Here's the (hypothetical) situation.
A university (let's call it University of Snarfulp) creates an open-source project (let's call it Razzor) and hosts it on Arbulforge.net (names changed to protect the innocent, haha).
The project is awesome and everyone loves it. It takes off and gains a large following, but then declines to the point that there are no source code checkins for 12 months and no forum posts for 9 months.
Then, a new administrator takes over and gathers interest, and the project takes off again with a new set of developers.
Ok, so here's where things start to get tricky.
All of the source code in the SVN repository have headers at the top that say:
Copyright (c) 2004, University of Snarfulp.
License: GPL (you get the gist)
When the project was booming the first time, the UoS (University of Snarfulp) project managers asked that everyone that submitted new code voluntarity attribute copyright to UoS "to protect it". Sounded fair enough at the time, I'm sure.
Then, when the project died, all suport from UoS died as well. They stopped adding new code, and didn't post to the email lists or the forum in well over 2 years. The project administrators (which were students at the UoS, and probably graduated by now) during the first boom do not respond to emails anymore, either.

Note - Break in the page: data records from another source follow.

(* In the situation of a path coalescing transformation, suppose in addition that $H$ is sub-additive, i.e. $H(A\cup B)\le H(A)+H(B)$ for all disjoint nonempty $A,B\subseteq X$. Then $\mathcal H(P')\le\mathcal H(P)$.
   Context: $X$ is a finite set and $H$ a real-valued function on nonempty subsets of $X$; write $H(a)=H(\{a\})$, $H(a,b)=H(\{a,b\})$; elements $a,b$ are combinatorially dependent if $H(a,b)<H(a)+H(b)$, independent otherwise. $G(X)$ is the complete undirected graph on $X$. A tour $P$ is a Hamiltonian cycle of $G(X)$ given as a directed cyclic sequence of all elements of $X$. $\mathcal S(P)$ is the set of maximal subpaths obtained by deleting from $P$ every edge whose endpoints are combinatorially independent; their vertex sets partition $X$, and $\mathcal H(P)=\sum_{Q\in\mathcal S(P)}H(V(Q))$, where $V(Q)$ is the vertex set of $Q$. A path coalescing transformation: $P_i=(u_0,\dots,u_k)$ and $P_j=(v_0,\dots,v_\ell)$ are distinct paths of $\mathcal S(P)$ with $u_k,v_0$ combinatorially dependent; $x$ is the successor of $u_k$ in $P$, $y$ the predecessor of $v_0$, $z$ the successor of $v_\ell$; $P'$ is a tour whose edge multiset is that of $P$ with $\{u_k,x\},\{y,v_0\},\{v_\ell,z\}$ replaced by $\{u_k,v_0\},\{v_\ell,x\},\{y,z\}$. *)

From HB Require Import structures.
From mathcomp Require Import all_boot all_order all_algebra.
Set Implicit Arguments. Unset Strict Implicit. Unset Printing Implicit Defensive.
Import Order.TTheory GRing.Theory Num.Theory.
Local Open Scope ring_scope.

Section Defs.
Variables (R : realFieldType) (X : finType) (H : {set X} -> R).

Definition dep (a b : X) : bool := H [set a; b] < H [set a] + H [set b].

Definition subadditive : Prop :=
  forall A B : {set X}, A != set0 -> B != set0 -> [disjoint A & B] ->
    H (A :|: B) <= H A + H B.

(* a tour: a directed cyclic sequence listing every element of X once;
   successor = next p, predecessor = prev p *)
Definition tour (p : seq X) : bool := perm_eq p (enum X).

(* q is a (simple) subpath of the tour p all of whose edges have
   combinatorially dependent endpoints, i.e. a path of P minus the
   deleted (independent) edges *)
Definition seg (p q : seq X) : bool :=
  if q is a :: s then
    uniq q && path (fun b c => (c == next p b) && dep b c) a s
  else false.

Definition maxseg (p q : seq X) : bool :=
  if q is a :: s then
    [&& seg p q, ~~ seg p (prev p a :: q) & ~~ seg p (rcons q (next p (last a s)))]
  else false.

Definition Sset (p : seq X) : {set {set X}} :=
  [set [set x in traject (next p) vm.1 (nat_of_ord vm.2).+1]
     | vm : X * 'I_#|X| & maxseg p (traject (next p) vm.1 (nat_of_ord vm.2).+1)].

Definition calH (p : seq X) : R := \sum_(B in Sset p) H B.

Definition edges (p : seq X) : seq {set X} := [seq [set a; next p a] | a <- p].

End Defs.

From HB Require Import structures.
From mathcomp Require Import all_boot all_order all_algebra.
From mathcomp Require Import zify.
Import Order.TTheory GRing.Theory Num.Theory.
Local Open Scope ring_scope.
Set Implicit Arguments. Unset Strict Implicit. Unset Printing Implicit Defensive.

(* Two distinct maximal subpaths do not exhaust the tour, so they end at
   independent edges; hence the three edges removed by the transformation are
   independent and every dependent edge of P is still an edge of P'. So each
   path of S(P) lies inside a path of S(P'): the partition S(P') is coarser than
   S(P), and sub-additivity bounds the value of each block of S(P') by the sum
   over the blocks of S(P) it contains. *)

Section Subadditivity.
Variables (R : realFieldType) (T : finType) (H : {set T} -> R).
Hypothesis subH : subadditive H.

So....my question is -- The new set of developers are afraid that after all of their most recent work (after interest was renewed) will be taken over by the University of Snarfulp since they own the copyright.
As I understand it, the copyright holder (in this case, UoS) can at any later time change the license on the code from GPL to anything else (closed source??), correct?
The fact that UoS has the copyright for an open-source project that they no longer actively support has the current developers worried, and is hurting the project.
What can be done to remedy this situation? Any ideas?
I know this is a rather odd post -- if you've gotten this far, thanks for reading. Any help would be greatly appreciated.
you can't be a little bit pregnant. the gpl _is_ a copyright license and if the authors voluntarily released their work under it, the other copyright means exactly squat.
i'm not a lawyer, your mileage may vary, void in rhode island, etc.
AFAIK, yes...
The copyright holder has the right to redistribute the source in a closed source BUT look at this scenario:
A release source code of his application under GPL (copyright owner)
B obtains it
B changed the source code
A took the source code and redistribute it as proprietary software (copyright owner)
B is still allowed to distribute the source code since the source code he got it is GPLed
I'm no lawyer... So... I'm not sure about this... I do NOT take any responsibility over what I've said wrongly...
Hope this helps...
Thanks a bunch. That makes sense -- I remember reading the section about redistribution. That's good stuff.
@ghostdev85: So, going through the scenario again...
While B may be allowed by the GPL to continue distributing the copy of code that they obtained (along with their modifications) if A makes it closed-source, this still doesn't prevent A from using the latest modifications in their closed-source version.
I don't know, that certainly does not sound fair to me -- to start a project, then ignore it and let other people work on it for over a year, and then come back and take the new parts as well.
I suppose you could get around this if the new developers do not voluntarily give the copyright to A.
Strange stuff, this GPL. I guess it makes an attempt to try to eliminate these sorts of disputes.